ZFIN ID: ZDB-PUB-160415-2
Analysis of Zebrafish Kidney Development with Time-lapse Imaging Using a Dissecting Microscope Equipped for Optical Sectioning
Perner, B., Schnerwitzki, D., Graf, M., Englert, C.
Date: 2016
Source: Journal of visualized experiments : JoVE   (110): e53921 (Journal)
Registered Authors: Englert, Christoph, Perner, Birgit
Keywords: Developmental Biology, Zebrafish, time-lapse, fluorescence dissecting microscope, autofocus strategy, relocation grid, kidney development
MeSH Terms:
  • Animals
  • Animals, Genetically Modified
  • Developmental Biology
  • Embryo, Nonmammalian/embryology*
  • Histocytological Preparation Techniques
  • Kidney/embryology*
  • Lasers
  • Microscopy, Confocal/methods
  • Morpholinos/genetics
  • Oligonucleotides, Antisense
  • Organogenesis*
  • Time-Lapse Imaging*
  • WT1 Proteins/genetics
  • Zebrafish/embryology*
  • Zebrafish Proteins/genetics
PubMed: 27078207 Full text @ J. Vis.
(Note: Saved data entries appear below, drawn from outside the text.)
Lemma common_geometric_bound (R : realDomainType) (I : eqType) (s : seq I)
    (u : I -> nat -> \bar R) :
  (forall i, i \in s -> exists2 r : R, 0 <= r < 1 & forall n, (u i n <= (r ^+ n)%:E)%E) ->
  exists2 r : R, 0 <= r < 1 & forall i, i \in s -> forall n, (u i n <= (r ^+ n)%:E)%E.
Proof.
elim: s => [_|j s IH bounds]; first by exists 0 => //; rewrite lexx ltr01.
have [i si|r /andP[r0 r1] ur] := IH; first by apply: bounds; rewrite inE si orbT.
have [r' /andP[r0' r1'] ur'] := bounds j (mem_head j s).
have rmax : 0 <= Num.max r r' by rewrite le_max r0.
exists (Num.max r r'); first by rewrite rmax gt_max r1 r1'.
move=> i; rewrite inE => /predU1P[-> | si] n.
  by apply: le_trans (ur' n) _; rewrite lee_fin lerXn2r ?nnegrE // le_max lexx orbT.
by apply: le_trans (ur i si n) _; rewrite lee_fin lerXn2r ?nnegrE // le_max lexx.
Qed.

Lemma le_measure_big_setU d (T : measurableType d) (R : realType)
  (mu : {measure set T -> \bar R}) (I : Type) (r : seq I) (Pr : pred I) (F : I -> set T) :
  (forall i, measurable (F i)) ->
  (mu (\big[setU/set0]_(i <- r | Pr i) F i) <= \sum_(i <- r | Pr i) mu (F i))%E.
Proof.
move=> mF; elim: r => [|i r IH]; first by rewrite !big_nil measure0.
rewrite !big_cons; case: (Pr i) => //.
by apply: le_trans (measureU2 _ (mF i) _) _; [exact: bigsetU_measurable | exact: leeD].
Qed.

(* No measurability is required: [kappa] is not known to be measurable. *)
Lemma ge0_le_integral_nonmeas d (T : measurableType d) (R : realType)
  (mu : {measure set T -> \bar R}) (f g : T -> \bar R) :
  (forall x, 0 <= f x)%E -> (forall x, f x <= g x)%E ->
  (\int[mu]_x f x <= \int[mu]_x g x)%E.
Proof.
move=> f0 fg; have g0 x : (0 <= g x)%E by exact: le_trans (f0 x) (fg x).
rewrite !ge0_integralTE //; apply: ge_ereal_sup => _ [h hf <-].
by apply: ereal_sup_ubound; exists h => // x; exact: le_trans (hf x) (fg x).
Qed.

Lemma nneseries_le (R : realType) (u : (\bar R)^nat) (c : \bar R) :
  (forall n, 0 <= u n)%E -> (forall N, \sum_(0 <= n < N) u n <= c)%E ->
  (\sum_(n <oo) u n <= c)%E.
Proof. by move=> u0 uc; apply: lime_le; [exact: is_cvg_nneseries | exact: nearW]. Qed.

(* Extension by [false] to all of [nat], the index set of [mutually_independent]. *)
Definition ext_ffun {n} (f : {ffun 'I_n -> bool}) (j : nat) : bool :=
  if insub j is Some i then f i else false.

Definition pattern_event {T : Type} {R : realType} (X : nat -> T -> R) (B : set R) n
    (f : {ffun 'I_n -> bool}) : set T :=
  \bigcap_(j in [set j | j \in iota 0 n]) (X j @^-1` (if ext_ffun f j then B else ~` B)).

Definition rare_hits_event {T : Type} {R : realType} (X : nat -> T -> R) (B : set R)
    (q : R) n : set T :=
  \big[setU/set0]_(f : {ffun 'I_n -> bool} | (\sum_(i < n) nat_of_bool (f i))%:R < n%:R * q)
    pattern_event X B n f.

Lemma mem_rare_hits_event {T : Type} {R : realType} (X : nat -> T -> R) (B : set R)
    (q : R) n t :
  (\sum_(i < n) nat_of_bool (X i t \in B))%:R < n%:R * q -> rare_hits_event X B q n t.
Proof.
move=> few; rewrite /rare_hits_event -bigcup_seq_cond.
exists [ffun i : 'I_n => X i t \in B].
  by rewrite /= mem_index_enum; under eq_bigr => i _ do rewrite ffunE.
move=> j /=; rewrite mem_iota add0n => jn.
rewrite /ext_ffun insubT /= ffunE.
by case: (boolP (X j t \in B)) => [/set_mem|/negP Bj] //; apply: contra_not Bj => /mem_set.
Qed.

Section iid_events.
Context d (T : measurableType d) (R : realType) (P : probability T R).
Variable X : nat -> {RV P >-> R}.
Hypothesis X_id : forall k, distribution P (X k) = distribution P (X 0%N).
Hypothesis X_ind : mutually_independent P (fun k => X k : T -> R).
Variable B : set R.
Hypothesis mB : measurable B.

Let p := fine (P (X 0%N @^-1` B)).

Lemma measurable_pattern_event n f : measurable (pattern_event (fun k => X k : T -> R) B n f).
Proof.
apply: bigcap_measurableType => j _; apply: measurable_funPTI.
by case: ext_ffun => //; exact: measurableC.
Qed.

Lemma measurable_rare_hits_event q n :
  measurable (rare_hits_event (fun k => X k : T -> R) B q n).
Proof. by apply: bigsetU_measurable => f _; exact: measurable_pattern_event. Qed.

Lemma prob_pattern_event n f :
  P (pattern_event (fun k => X k : T -> R) B n f) =
  (\prod_(i < n) (if f i then p else 1 - p))%:E.
Proof.
rewrite /pattern_event X_ind ?iota_uniq //; last first.
  by move=> j; case: ext_ffun => //; exact: measurableC.
rewrite -prodEFin (_ : iota 0 n = index_iota 0 n) ?big_mkord; last first.
  by rewrite /index_iota subn0.
apply: eq_bigr => i _; rewrite /ext_ffun valK.
have -> : P (X i @^-1` (if f i then B else ~` B)) =
          P (X 0%N @^-1` (if f i then B else ~` B)).
  by have := congr1 (fun m => m (if f i then B else ~` B)) (X_id i).
have mB0 : measurable (X 0%N @^-1` B) by exact: measurable_funPTI.
case: (f i); first by rewrite fineK // fin_num_measure.
by rewrite EFinB fineK ?fin_num_measure // preimage_setC probability_setC.
Qed.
Exp.
In order to understand organogenesis, the spatial and temporal alterations that occur during development of tissues need to be recorded. The method described here allows time-lapse analysis of normal and impaired kidney development in zebrafish embryos by using a fluorescence dissecting microscope equipped for structured illumination and z-stack acquisition. To visualize nephrogenesis, transgenic zebrafish (Tg(wt1b:GFP)) with fluorescently labeled kidney structures were used. Renal defects were triggered by injection of an antisense morpholino oligonucleotide against the Wilms tumor gene wt1a, a factor known to be crucial for kidney development. The advantage of the experimental setup is the combination of a zoom microscope with simple strategies for re-adjusting movements in x, y or z direction without additional equipment. To circumvent focal drift that is induced by temperature variations and mechanical vibrations, an autofocus strategy was applied instead of utilizing a usually required environmental chamber. In order to re-adjust the positional changes due to a xy-drift, imaging chambers with imprinted relocation grids were employed. In comparison to more complex setups for time-lapse recording with optical sectioning such as confocal laser scanningĀ or light sheet microscopes, a zoom microscope is easy to handle. Besides, it offers dissecting microscope-specific benefits such as high depth of field and an extended working distance. The method to study organogenesis presented here can also be used with fluorescence stereo microscopes not capable of optical sectioning. Although limited for high-throughput, this technique offers an alternative to more complex equipment that is normally used for time-lapse recording of developing tissues and organ dynamics.